(* Let $n\in\{2,3,\ldots\}$ and $p\in(0,1)$, let $K$ be the Erdős–Rényi random graph on vertex set $\{1,\ldots,n\}$ with edge probability $p$, and let $Y$ be the number of isolated vertices of $K$, with mean $\mu=n(1-p)^{n-1}$ and variance $\sigma^2=n(1-p)^{n-1}\big(1+np(1-p)^{n-2}-(1-p)^{n-2}\big)$. Let $M(\theta)=E\exp(\theta(Y-\mu)/\sigma)$. Define, for real $s$, $$\gamma_s=e^s(pe^s+1-p)^{n-2}(npe^s+1-p)+(n-1)p+1,\qquad H(\theta)=\frac{\mu}{2\sigma^2}\int_0^\theta s\,\gamma_{s/\sigma}\,ds.$$ Then: (i) $M(\theta)\le \exp H(\theta)$ for all $\theta\ge 0$, and for all $t>0$, $$P\Big(\frac{Y-\mu}{\sigma}\ge t\Big)\le \inf_{\theta\ge 0}\exp(-\theta t+H(\theta)).$$ (ii) $M(\theta)\le \exp(\mu\theta^2/\sigma^2)$ for all $\theta\le 0$, and for all $t>0$, $$P\Big(\frac{Y-\mu}{\sigma}\le -t\Big)\le \exp\Big(-\frac{t^2\sigma^2}{4\mu}\Big).$$
   Context: The Erdős–Rényi random graph on $\{1,\ldots,n\}$ with edge probability $p$: the edge indicators $X_{uv}$, $u\ne v$ (unordered pairs), are independent Bernoulli($p$). A vertex is isolated if it has degree $0$. (The stated formulas for $\mu$ and $\sigma^2$ are the mean and variance of $Y$; $\sigma>0$.) *)

From Stdlib Require Import Reals Lra List Arith Bool.
Import ListNotations.
Open Scope R_scope.

(* Vertex set {0,...,n-1} (a relabeling of {1,...,n}).
   Unordered pairs {i,j}, i<j, listed as (i,j). *)
Definition edges (n : nat) : list (nat * nat) :=
  flat_map (fun j => map (fun i => (i, j)) (seq 0 j)) (seq 0 n).

(* All 0/1 vectors of length k: a graph is the vector of its edge
   indicators, aligned with [edges n]. *)
Fixpoint bits (k : nat) : list (list bool) :=
  match k with
  | O => [[]]
  | S k' => map (cons true) (bits k') ++ map (cons false) (bits k')
  end.

Definition weight (p : R) (g : list bool) : R :=
  fold_right (fun (b : bool) (acc : R) => (if b then p else 1 - p) * acc) 1 g.

Definition present_edges (n : nat) (g : list bool) : list (nat * nat) :=
  map fst (filter snd (combine (edges n) g)).

Definition isolated (n : nat) (g : list bool) (v : nat) : bool :=
  forallb (fun e => andb (negb (Nat.eqb (fst e) v)) (negb (Nat.eqb (snd e) v)))
          (present_edges n g).

Definition Ycount (n : nat) (g : list bool) : R :=
  INR (length (filter (isolated n g) (seq 0 n))).

Definition Expect (n : nat) (p : R) (f : list bool -> R) : R :=
  fold_right Rplus 0
    (map (fun g => weight p g * f g) (bits (length (edges n)))).

Definition mu (n : nat) (p : R) : R := INR n * (1 - p) ^ (n - 1).

Definition sigma2 (n : nat) (p : R) : R :=
  INR n * (1 - p) ^ (n - 1) *
  (1 + INR n * p * (1 - p) ^ (n - 2) - (1 - p) ^ (n - 2)).

Definition sigma (n : nat) (p : R) : R := sqrt (sigma2 n p).

Definition Zstd (n : nat) (p : R) (g : list bool) : R :=
  (Ycount n g - mu n p) / sigma n p.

TASK REQUIREMENTS. Scanning the data above, copy out every line where "weight" is found.

SOLUTION TO THIS TASK.
Definition weight (p : R) (g : list bool) : R :=
    (map (fun g => weight p g * f g) (bits (length (edges n)))).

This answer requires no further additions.